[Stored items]

(* The discard categories $\mathbf{CPM}$ and $\mathbf{UCPM}$ are pseudo-purifiable. Moreover, in each of them, every purification is a pseudo-purification: if $f\in\mathcal C(A,B)$ and $p\in\mathcal C(A,B\otimes X)$ is pure with $f=(\mathrm{id}_B\otimes\top_X)\circ p$, then $p\in\mathrm{Pure}(f)$.
   Context: $\mathbf{CPM}$: objects are the matrix algebras $\mathcal M_{2^n\times2^n}(\mathbb C)$ ($n$ qubits), morphisms are completely positive linear maps, monoidal product is the tensor product, symmetry is the swap $\rho\otimes\nu\mapsto\nu\otimes\rho$, and the discard is the trace $\top:\rho\mapsto\mathrm{Tr}(\rho)$. $\mathbf{UCPM}$ is the subcategory of trace-preserving completely positive maps (with the same discard). A morphism is pure if it has the form $\rho\mapsto V\rho V^\dagger$ for a complex matrix $V$. A purification of $f$ is a pure $p$ with $f=(\mathrm{id}\otimes\top)\circ p$. A discard category is a symmetric monoidal category with, for each object $A$, a morphism $\top_A:A\to I$ with $\top_I=\mathrm{id}_I$ and $\top_{A\otimes B}=\top_A\otimes\top_B$; $f:A\to B$ is causal if $\top_B\circ f=\top_A$. A morphism $p\in\mathcal C(A,B\otimes X)$ is a pseudo-purification of $f\in\mathcal C(A,B)$, written $p\in\mathrm{Pure}(f)$, if for every object $Y$ and every $g\in\mathcal C(A,B\otimes Y)$ with $f=(\mathrm{id}_B\otimes\top_Y)\circ g$ there is a causal $c\in\mathcal C(X,Y)$ with $g=(\mathrm{id}_B\otimes c)\circ p$. The category is pseudo-purifiable if every morphism has a pseudo-purification and, for all $f_1\in\mathcal C(A_1,B_1\otimes C)$, $f_2\in\mathcal C(C\otimes A_2,B_2)$, $p_1\in\mathrm{Pure}(f_1)$ with $p_1:A_1\to B_1\otimes C\otimes X_1$ and $p_2\in\mathrm{Pure}(f_2)$ with $p_2:C\otimes A_2\to B_2\otimes X_2$, the morphism $(\mathrm{id}_{B_1\otimes B_2}\otimes\sigma_{X_2,X_1})\circ(\mathrm{id}_{B_1}\otimes p_2\otimes\mathrm{id}_{X_1})\circ(\mathrm{id}_{B_1\otimes C}\otimes\sigma_{X_1,A_2})\circ(p_1\otimes\mathrm{id}_{A_2})$ is a pseudo-purification of $(\mathrm{id}_{B_1}\otimes f_2)\circ(f_1\otimes\mathrm{id}_{A_2})$. *)

From HB Require Import structures.
From mathcomp Require Import all_boot all_order all_algebra.
From mathcomp Require Import mxtens complex.
From mathcomp Require Import reals.

Set Implicit Arguments.
Unset Strict Implicit.
Unset Printing Implicit Defensive.

Import GRing.Theory Num.Theory.

Section CPMdefs.
Variable C : numClosedFieldType.

Definition mxadj m n (A : 'M[C]_(m, n)) : 'M[C]_(n, m) := (map_mx Num.conj A)^T.

Definition psd d (A : 'M[C]_d) : Prop :=
  forall v : 'cV[C]_d, (0 <= (mxadj v *m A *m v) 0 0)%R.

Definition linmap p q (f : 'M[C]_p -> 'M[C]_q) : Prop :=
  forall (a : C) x y, (f (a *: x + y) = a *: f x + f y)%R.

(* tensor product f (x) g of (linear) maps on matrix algebras, Kronecker
   convention of mxtens (index (i,k) |-> i * p2 + k):
   (f (x) g)(rho) = sum rho_{(i,k),(j,l)} f(E_ij) (x) g(E_kl). *)
Definition tmap p1 q1 p2 q2 (f : 'M[C]_p1 -> 'M[C]_q1) (g : 'M[C]_p2 -> 'M[C]_q2)
  (rho : 'M[C]_(p1 * p2)) : 'M[C]_(q1 * q2) :=
  (\sum_(i < p1) \sum_(j < p1) \sum_(k < p2) \sum_(l < p2)
     rho (mxtens_index (i, k)) (mxtens_index (j, l)) *:
       (f (delta_mx i j) *t g (delta_mx k l)))%R.

Definition rswap p q (rho : 'M[C]_(p * q)) : 'M[C]_(q * p) :=
  (\sum_(i < p) \sum_(j < p) \sum_(k < q) \sum_(l < q)
     rho (mxtens_index (i, k)) (mxtens_index (j, l)) *:
       (delta_mx k l *t delta_mx i j))%R.

Definition completely_positive p q (f : 'M[C]_p -> 'M[C]_q) : Prop :=
  forall k (A : 'M[C]_(k * p)), psd A -> psd (tmap (@idfun 'M[C]_k) f A).

(* ---- the categories: object n = n qubits = 'M_(2^n) ---- *)
Local Notation Mx n := 'M[C]_(2 ^ n).

Definition mor_pred := forall n m : nat, (Mx n -> Mx m) -> Prop.

Definition CPM : mor_pred := fun n m f => linmap f /\ completely_positive f.

Definition trace_preserving n m (f : Mx n -> Mx m) : Prop :=
  forall rho, (\tr (f rho) = \tr rho)%R.

Definition UCPM : mor_pred := fun n m f => CPM f /\ trace_preserving f.

(* identifying 'M_(2^n) and 'M_(2^n') along n = n' (associators/unitors) *)
Definition qcast n n' (e : n = n') (rho : Mx n) : Mx n' :=
  castmx (congr1 (expn 2) e, congr1 (expn 2) e) rho.

Definition ttens n1 m1 n2 m2 (f : Mx n1 -> Mx m1) (g : Mx n2 -> Mx m2)
  (rho : Mx (n1 + n2)) : Mx (m1 + m2) :=
  castmx (esym (expnD 2 m1 m2), esym (expnD 2 m1 m2))
    (tmap f g (castmx (expnD 2 n1 n2, expnD 2 n1 n2) rho)).

Definition qswap a b (rho : Mx (a + b)) : Mx (b + a) :=
  castmx (esym (expnD 2 b a), esym (expnD 2 b a))
    (rswap (castmx (expnD 2 a b, expnD 2 a b) rho)).

Definition disc n (rho : Mx n) : Mx 0 := ((\tr rho)%:M)%R.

--- Brief ---
Working from the records above, write out verbatim only the lines from the line containing "(rho : 'M[C]_(p1" through the line containing "(rswap (castmx (expnD".

--- Answer ---
  (rho : 'M[C]_(p1 * p2)) : 'M[C]_(q1 * q2) :=
  (\sum_(i < p1) \sum_(j < p1) \sum_(k < p2) \sum_(l < p2)
     rho (mxtens_index (i, k)) (mxtens_index (j, l)) *:
       (f (delta_mx i j) *t g (delta_mx k l)))%R.

Definition rswap p q (rho : 'M[C]_(p * q)) : 'M[C]_(q * p) :=
  (\sum_(i < p) \sum_(j < p) \sum_(k < q) \sum_(l < q)
     rho (mxtens_index (i, k)) (mxtens_index (j, l)) *:
       (delta_mx k l *t delta_mx i j))%R.

Definition completely_positive p q (f : 'M[C]_p -> 'M[C]_q) : Prop :=
  forall k (A : 'M[C]_(k * p)), psd A -> psd (tmap (@idfun 'M[C]_k) f A).

(* ---- the categories: object n = n qubits = 'M_(2^n) ---- *)
Local Notation Mx n := 'M[C]_(2 ^ n).

Definition mor_pred := forall n m : nat, (Mx n -> Mx m) -> Prop.

Definition CPM : mor_pred := fun n m f => linmap f /\ completely_positive f.

Definition trace_preserving n m (f : Mx n -> Mx m) : Prop :=
  forall rho, (\tr (f rho) = \tr rho)%R.

Definition UCPM : mor_pred := fun n m f => CPM f /\ trace_preserving f.

(* identifying 'M_(2^n) and 'M_(2^n') along n = n' (associators/unitors) *)
Definition qcast n n' (e : n = n') (rho : Mx n) : Mx n' :=
  castmx (congr1 (expn 2) e, congr1 (expn 2) e) rho.

Definition ttens n1 m1 n2 m2 (f : Mx n1 -> Mx m1) (g : Mx n2 -> Mx m2)
  (rho : Mx (n1 + n2)) : Mx (m1 + m2) :=
  castmx (esym (expnD 2 m1 m2), esym (expnD 2 m1 m2))
    (tmap f g (castmx (expnD 2 n1 n2, expnD 2 n1 n2) rho)).

Definition qswap a b (rho : Mx (a + b)) : Mx (b + a) :=
  castmx (esym (expnD 2 b a), esym (expnD 2 b a))
    (rswap (castmx (expnD 2 a b, expnD 2 a b) rho)).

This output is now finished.